I thank the Minister for repeating what he said in Committee of the whole House. There is cross-party support for the Bill but, as my hon. Friend the Member for Cambridge (Daniel Zeichner) said, that does not mean that there are not some issues worth highlighting. As I said on Second Reading, I declare an interest in that I am a proud brother of a sheep farmer in Cornwall who farms rare breed sheep and is married to a beef farmer; in fact, they are both based just up the road from the Minister’s constituency.
We will not be opposing the Bill, but I need to add the climate crisis to the context that the Minister set out, because listening to the remarks of Government Members there seems to be a slight disconnect between what is in this Bill and the forthcoming Agriculture Bill, and what is in the notes that they are being given to read out. It is really important that we get this right. The Government are proposing moving from a system of supporting farmers via the land they own to a system of supporting farmers based on environmental land management and other environmental public goods. This will be a good scheme if delivered correctly. It is not a subsidy for productivity or food production. After listening to some of the speeches on Second Reading and today, I am concerned that not all Government Members have quite understood this, so I encourage colleagues to consult the recently re-elected Chair of the Select Committee
on Environment, Food and Rural Affairs, to whom I pass on my congratulations; it is always good to see Members from Devon in places of authority.
It is important that we get this right because if we are fighting on the wrong pitch, we cannot do a decent job of scrutinising the biggest fundamental changes to our agricultural system since the Labour Government’s introduction of the Agriculture Act of 1947. That is why we need to make sure that this is done properly.

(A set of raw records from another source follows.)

(* Let $n\ge 4$ and let $S\subseteq\mathbb{Z}_n$ with $0\notin S$, $S=-S$, such that $\mathrm{Cay}(\mathbb{Z}_n,S)$ is connected, and let $k=|S|$. If $k$ divides $n$ and $s\not\equiv s'\pmod k$ for all distinct $s,s'\in S$, then $\mathrm{Cay}(\mathbb{Z}_n,S)$ admits a total perfect code.
   Context: Elements of $\mathbb{Z}_n$ are identified with integers in $\{0,1,\dots,n-1\}$. The circulant graph $\mathrm{Cay}(\mathbb{Z}_n,S)$ has vertex set $\mathbb{Z}_n$ with $u,v$ adjacent iff $v-u\in S$; its degree is $|S|$. A total perfect code in a graph $\Gamma=(V,E)$ is a subset $C\subseteq V$ such that every vertex of $V$ has exactly one neighbour in $C$. *)

From mathcomp Require Import all_boot all_order all_algebra.
Set Implicit Arguments. Unset Strict Implicit. Unset Printing Implicit Defensive.
Import GRing.Theory.
Local Open Scope ring_scope.

Definition cay_adj (n : nat) (S : {set 'Z_n}) : rel 'Z_n :=
  fun u v => (v - u) \in S.

Definition cay_connected (n : nat) (S : {set 'Z_n}) : Prop :=
  forall u v : 'Z_n, connect (cay_adj S) u v.

Definition total_perfect_code (n : nat) (S : {set 'Z_n}) (C : {set 'Z_n}) : Prop :=
  forall v : 'Z_n, #|[set c in C | cay_adj S v c]| = 1%N.

From mathcomp Require Import all_boot all_order all_algebra.
Import GRing.Theory.
Local Open Scope ring_scope.

(* When k divides n, reduction mod k is an additive map from Z_n onto Z_k,
   and the residue condition says it maps S bijectively onto Z_k.  Hence for
   every vertex v there is exactly one s in S with v + s divisible by k, so the
   multiples of k form a total perfect code. *)

Section ResidueModDivisor.

Local Set Implicit Arguments.
Local Unset Strict Implicit.

Variables (n k : nat).
Hypotheses (n_gt1 : (1 < n)%N) (k_dvd_n : (k %| n)%N) (k_gt0 : (0 < k)%N).

Definition residue (x : 'Z_n) : 'I_k := Ordinal (ltn_pmod x k_gt0).

Lemma modn_ZpD (a b : 'Z_n) : ((a + b)%R %% k = (a + b) %% k)%N.
Proof.
have k_dvd_n' : (k %| (Zp_trunc n).+2)%N by rewrite (Zp_cast n_gt1).
by rewrite /= modn_dvdm.
Qed.

Lemma eq_residue_addl (v a b : 'Z_n) :
  (residue (v + a) == residue (v + b)) = (residue a == residue b).
Proof. by rewrite -val_eqE /= !modn_ZpD eqn_modDl. Qed.

Variable S : {set 'Z_n}.
Hypotheses (residue_inj : {in S &, injective residue}) (card_S : #|S| = k).

Lemma residue_onto (r : 'I_k) : exists2 s, s \in S & residue s = r.
Proof.
have imS : residue @: S = [set: 'I_k].
  apply/eqP; rewrite eqEcard subsetT cardsT card_ord.
  by rewrite (card_in_imset residue_inj) card_S leqnn.
have /imsetP[s Ss ->] : r \in residue @: S by rewrite imS inE.
by exists s.
Qed.

Lemma total_perfect_code_residue_kernel :
  total_perfect_code S [set c | residue c == residue 0].
Proof.
move=> v; have [s Ss residue_s] := residue_onto (residue (- v)).
suff -> : [set c in [set c | residue c == residue 0] | cay_adj S v c]
          = [set v + s].
  by rewrite cards1.
apply/setP => c; rewrite !inE /cay_adj -(subrr v).
apply/andP/eqP => [[] | ->].
  rewrite -{1}(subrKC v c) eq_residue_addl -residue_s => /eqP residue_cv Scv.
  by rewrite -(residue_inj Scv Ss residue_cv) subrKC.
by rewrite eq_residue_addl residue_s addrC addKr.
Qed.

End ResidueModDivisor.

Theorem lemma2p5 (n : nat) (S : {set 'Z_n}) :
  (4 <= n)%N ->
  0 \notin S ->
  (forall s : 'Z_n, s \in S -> - s \in S) ->
  cay_connected S ->
  (#|S| %| n)%N ->
  (forall s s' : 'Z_n, s \in S -> s' \in S -> s != s' ->
     (nat_of_ord s %% #|S| != nat_of_ord s' %% #|S|)%N) ->
  exists C : {set 'Z_n}, total_perfect_code S C.
Proof.
move=> n_ge4 _ _ _ k_dvd_n residue_neq.
have n_gt1 : (1 < n)%N by apply: leq_trans n_ge4.
have k_gt0 : (0 < #|S|)%N by apply: dvdn_gt0 k_dvd_n; apply: ltnW.
have residue_inj : {in S &, injective (residue k_gt0)}.
  move=> s s' Ss Ss' /(congr1 val) /= eq_mod.
  by apply/eqP; apply: contraTT (residue_neq _ _ Ss Ss') _; rewrite eq_mod.
eexists; exact: (total_perfect_code_residue_kernel n_gt1 k_dvd_n residue_inj).
Qed.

The Minister could address elements raised by his hon. Friends and, indeed, by my hon. Friend the Member for Cambridge, about the future of the Rural Payments Agency. The hon. Member for North Dorset (Simon Hoare) raised some valid concerns about the culture of the RPA. I commend the work of the officials there who have been working under immense pressure not only because of the potential changes how the CAP has worked but because their budget has gone down from £237.6 million when the Conservatives came to power in 2010 to just £95 million in 2017-18. If we are to change our agricultural system, the culture of the organisations that work in agriculture will also need to change, and that will need to be properly scrutinised and given time to bed in. It would be worth the Minister reconsidering our amendments that would have given Ministers slightly more leeway to look at that.

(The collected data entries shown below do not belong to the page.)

(* Let $X$ be a finite set, let $F_X,F'_X$ be filtrations over $X$ and let $C_X=\Phi(F_X)$, $C'_X=\Phi(F'_X)$ be their facegrams. Then $d_{\mathrm{I}}(C_X,C'_X)=d_{\mathrm{I}}(F_X,F'_X)$.
   Context: $\mathbf{pow}(X)$ is the set of nonempty subsets of $X$; a filtration is an order-preserving map $F_X:(\mathbf{pow}(X),\subset)\to(\mathbb{R},\leq)$. A face-set of $X$ is a family of pairwise inclusion-incomparable nonempty subsets of $X$, ordered by $\mathcal{S}\leq\mathcal{S}'$ iff each face of $\mathcal{S}$ is contained in a face of $\mathcal{S}'$. The facegram of $F_X$ is $\Phi(F_X)(t):=$ the set of inclusion-maximal elements of $\{\sigma\in\mathbf{pow}(X)\mid F_X(\sigma)\leq t\}$. Interleaving distances: $d_{\mathrm{I}}(C_X,C'_X):=\inf\{\varepsilon\geq0\mid C_X(t)\leq C'_X(t+\varepsilon)\text{ and }C'_X(t)\leq C_X(t+\varepsilon)\ \forall t\in\mathbb{R}\}$ and $d_{\mathrm{I}}(F_X,F'_X):=\max_{\sigma\in\mathbf{pow}(X)}|F_X(\sigma)-F'_X(\sigma)|$. *)

From HB Require Import structures.
From mathcomp Require Import all_boot all_order all_algebra.
From mathcomp Require Import boolp classical_sets reals.
Set Implicit Arguments. Unset Strict Implicit. Unset Printing Implicit Defensive.
Import Order.TTheory GRing.Theory Num.Theory.
Local Open Scope ring_scope.

(* pow(X) = nonempty subsets of X; a filtration is a function on {set X}
   that is order preserving on nonempty subsets (its value on set0 is
   irrelevant, set0 is not in pow(X)). *)
Definition is_filtration (R : realType) (X : finType) (F : {set X} -> R) : Prop :=
  forall s t : {set X}, s != finset.set0 -> t != finset.set0 -> s \subset t -> F s <= F t.

Definition faceset_le (X : finType) (S S' : {set {set X}}) : bool :=
  [forall s in S, exists t in S', s \subset t].

Definition facegram (R : realType) (X : finType) (F : {set X} -> R) (t : R)
  : {set {set X}} :=
  [set s : {set X} | [&& s != finset.set0, F s <= t &
     [forall u : {set X}, ((u != finset.set0) && (F u <= t)) ==> ~~ (s \proper u)]]].

Definition dI_facegram (R : realType) (X : finType)
  (C C' : R -> {set {set X}}) : R :=
  inf [set e : R | 0 <= e /\
        (forall t : R, faceset_le (C t) (C' (t + e)) /\
                       faceset_le (C' t) (C (t + e)))]%classic.

(* interleaving distance of filtrations: max over nonempty sigma
   (0 if X is empty, the empty maximum of nonnegative numbers). *)
Definition dI_filtration (R : realType) (X : finType) (F F' : {set X} -> R) : R :=
  \big[Num.max/0]_(s : {set X} | s != finset.set0) `|F s - F' s|.

From HB Require Import structures.
From mathcomp Require Import all_boot all_order all_algebra.
From mathcomp Require Import boolp classical_sets reals.
Set Implicit Arguments. Unset Strict Implicit. Unset Printing Implicit Defensive.
Import Order.TTheory GRing.Theory Num.Theory.
Local Open Scope ring_scope.

(* For e >= 0, the facegrams of F and F' are e-interleaved iff
   |F s - F' s| <= e for every nonempty face s.  Indeed, one half of the
   interleaving, C(t) <= C'(t + e) for all t, is equivalent to the one-sided
   bound F' s <= F s + e: a facet m of C(t) has F m <= t, hence
   F' m <= t + e, and m extends to a facet of C'(t + e); conversely a face s
   lies in a facet of C(F s), which lies in a facet m' of C'(F s + e), and
   monotonicity of F' gives F' s <= F' m' <= F s + e.  The set of admissible
   interleaving constants is therefore the up-set [d_I(F, F'), +oo), whose
   infimum is d_I(F, F').
   The file first proves the two basic properties of facegrams (facets are
   sublevel faces; every sublevel face lies in a facet), then the one-sided
   equivalence, then the characterisation of the admissible constants. *)

Section Facegram.
Variables (R : realType) (X : finType).
Implicit Types (G : {set X} -> R) (t : R) (s m : {set X}).

Lemma facegram_face G t m : m \in facegram G t -> m != finset.set0 /\ G m <= t.
Proof. by rewrite inE => /and3P[]. Qed.

(* Every nonempty face of value at most t lies in a facet of the facegram
   at t: a superset of maximal cardinality inside the sublevel set is one. *)
Lemma facegram_cover G t s :
  s != finset.set0 -> G s <= t -> exists2 m, m \in facegram G t & s \subset m.
Proof.
move=> sn0 Gs.
pose P u := [&& u != finset.set0, G u <= t & s \subset u].
have Ps : P s by rewrite /P sn0 Gs subxx.
have [m /and3P[mn0 Gm sm] mmax] := @arg_maxnP _ s P (fun u => #|u|) Ps.
exists m => //; rewrite inE mn0 Gm /=; apply/forallP => u; apply/implyP.
move=> /andP[un0 Gu]; apply/negP => pmu.
have Pu : P u by rewrite /P un0 Gu (fintype.subset_trans sm (proper_sub pmu)).
by have := leq_trans (proper_card pmu) (mmax u Pu); rewrite ltnn.
Qed.

Lemma facegram_shift_le (F F' : {set X} -> R) (e : R) :
  is_filtration F' ->
  (forall t, faceset_le (facegram F t) (facegram F' (t + e))) <->
  (forall s, s != finset.set0 -> F' s <= F s + e).
Proof.
move=> hF'; split=> [shift s sn0 | bound t].
- have [m mC sm] := facegram_cover sn0 (lexx (F s)).
  have /forall_inP/(_ m mC)/exists_inP[m' m'C mm'] := shift (F s).
  have [m'n0 F'm'] := facegram_face m'C.
  by apply: le_trans F'm'; apply: hF' => //; apply: fintype.subset_trans sm mm'.
- apply/forall_inP => m mC; have [mn0 Fm] := facegram_face mC.
  have F'm : F' m <= t + e by apply: le_trans (bound m mn0) _; rewrite lerD2r.
  by have [m' m'C mm'] := facegram_cover mn0 F'm; apply/exists_inP; exists m'.
Qed.

End Facegram.

Lemma ler_dist_shift (R : realDomainType) (a b e : R) :
  (`|a - b| <= e) = (b <= a + e) && (a <= b + e).
Proof. by rewrite ler_distl lerBlDr addrC. Qed.

Lemma inf_upset (R : realType) (d : R) : inf [set e | d <= e]%classic = d.
Proof.
have lb : lbound [set e | d <= e]%classic d by [].
apply/le_anti/andP; split.
- by apply: ge_inf => //=; exists d.
- by apply: lb_le_inf => //; exists d => /=.
Qed.

Section FiltrationDistance.
Variables (R : realType) (X : finType) (F F' : {set X} -> R).

Lemma dI_filtration_ge0 : 0 <= dI_filtration F F'.
Proof.
by rewrite /dI_filtration; elim/big_ind: _ => // x y; rewrite le_max => ->.
Qed.

Lemma dI_filtration_le (e : R) : 0 <= e ->
  dI_filtration F F' <= e <->
  (forall s : {set X}, s != finset.set0 -> `|F s - F' s| <= e).
Proof.
move=> e0; split=> [de s sn0 | bound]; last exact: bigmax_le.
by apply: le_trans de; rewrite /dI_filtration (bigD1 s) //= le_max lexx.
Qed.

Hypotheses (hF : is_filtration F) (hF' : is_filtration F').

Lemma facegram_interleaving_iff (e : R) :
  (0 <= e /\ forall t, faceset_le (facegram F t) (facegram F' (t + e)) /\
                       faceset_le (facegram F' t) (facegram F (t + e)))
  <-> dI_filtration F F' <= e.
Proof.
split=> [[e0 shift] | de].
- apply/dI_filtration_le => // s sn0; rewrite ler_dist_shift.
  have /(facegram_shift_le _ _ hF') bound' := fun t => (shift t).1.
  have /(facegram_shift_le _ _ hF) bound := fun t => (shift t).2.
  by rewrite bound' ?bound.
- have e0 := le_trans dI_filtration_ge0 de; split=> // t.
  have bound := (dI_filtration_le e0).1 de.
  have /(facegram_shift_le _ _ hF') shift' :
      forall s, s != finset.set0 -> F' s <= F s + e.
    by move=> s /bound; rewrite ler_dist_shift => /andP[].
  have /(facegram_shift_le _ _ hF) shift :
      forall s, s != finset.set0 -> F s <= F' s + e.
    by move=> s /bound; rewrite ler_dist_shift => /andP[].
  by split.
Qed.

End FiltrationDistance.

Theorem mainTheorem8 (R : realType) (X : finType) (F F' : {set X} -> R)
  (hF : is_filtration F) (hF' : is_filtration F') :
  dI_facegram (facegram F) (facegram F') = dI_filtration F F'.
Proof.
rewrite /dI_facegram -[RHS]inf_upset; congr inf.
by apply/seteqP; split=> e /facegram_interleaving_iff; apply.
Qed.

This Bill needs to be seen in concert with the Agriculture Bill. I appreciate that the Minister said that time is of the essence, and indeed it is, but time has not been of the essence over the past 14 months as Ministers sat on the Agriculture Bill, the Fisheries Bill and the Environment Bill. They have been taking it very easy, with a laid-back and pedestrian attitude. It is therefore somewhat cheeky but appropriate for the Minister to say in this context that parliamentary scrutiny cannot be delivered now because we have taken so long to get to this point. That excuse needs a bit more work, because we need to guarantee that Henry VIII powers are not being used disproportionately. I fear that in this setting they should have been used in a slightly different manner. We do need to get this right.
There are also elements of how we can support rare breeds, and other items that were discussed on Second Reading but were not mentioned in Committee and are still issues of concern for our rural communities—not only for hill farming, which I mentioned before, but for crofters, as raised by colleagues in the Scottish National party. We need to make sure that those specific types of farming are supported in any extension or new form of agricultural support. The Minister has a timeline whereby he wishes to reform agricultural support in the next few years or so, but by loading all the changes towards the end of that process, and not the start, we are giving our farmers notice that there will be considerable changes but not enough time to get it right.
The hon. Member for Westmorland and Lonsdale (Tim Farron) spoke about the importance of the ELM schemes and getting those right. This is a technical detail that I am not sure that everyone has been following. If we are to get this right, it is really important that the ELM schemes are properly scrutinised and given time so that we can not only see what the consequences are but improve them before there is a large-scale roll-out. The farming sector is willing to work with Ministers on
this to get it right. We know that the “public money for public goods” approach is a philosophy that is supported by many in the farming communities, but we cannot have a new philosophy, a new approach and a new funding system implemented too fast without the proper time to bed it in and improve it to make sure that it all works. The Minister is speeding through this Bill when we could have the option of looking at whether the system needs to be extended for a further year in due course.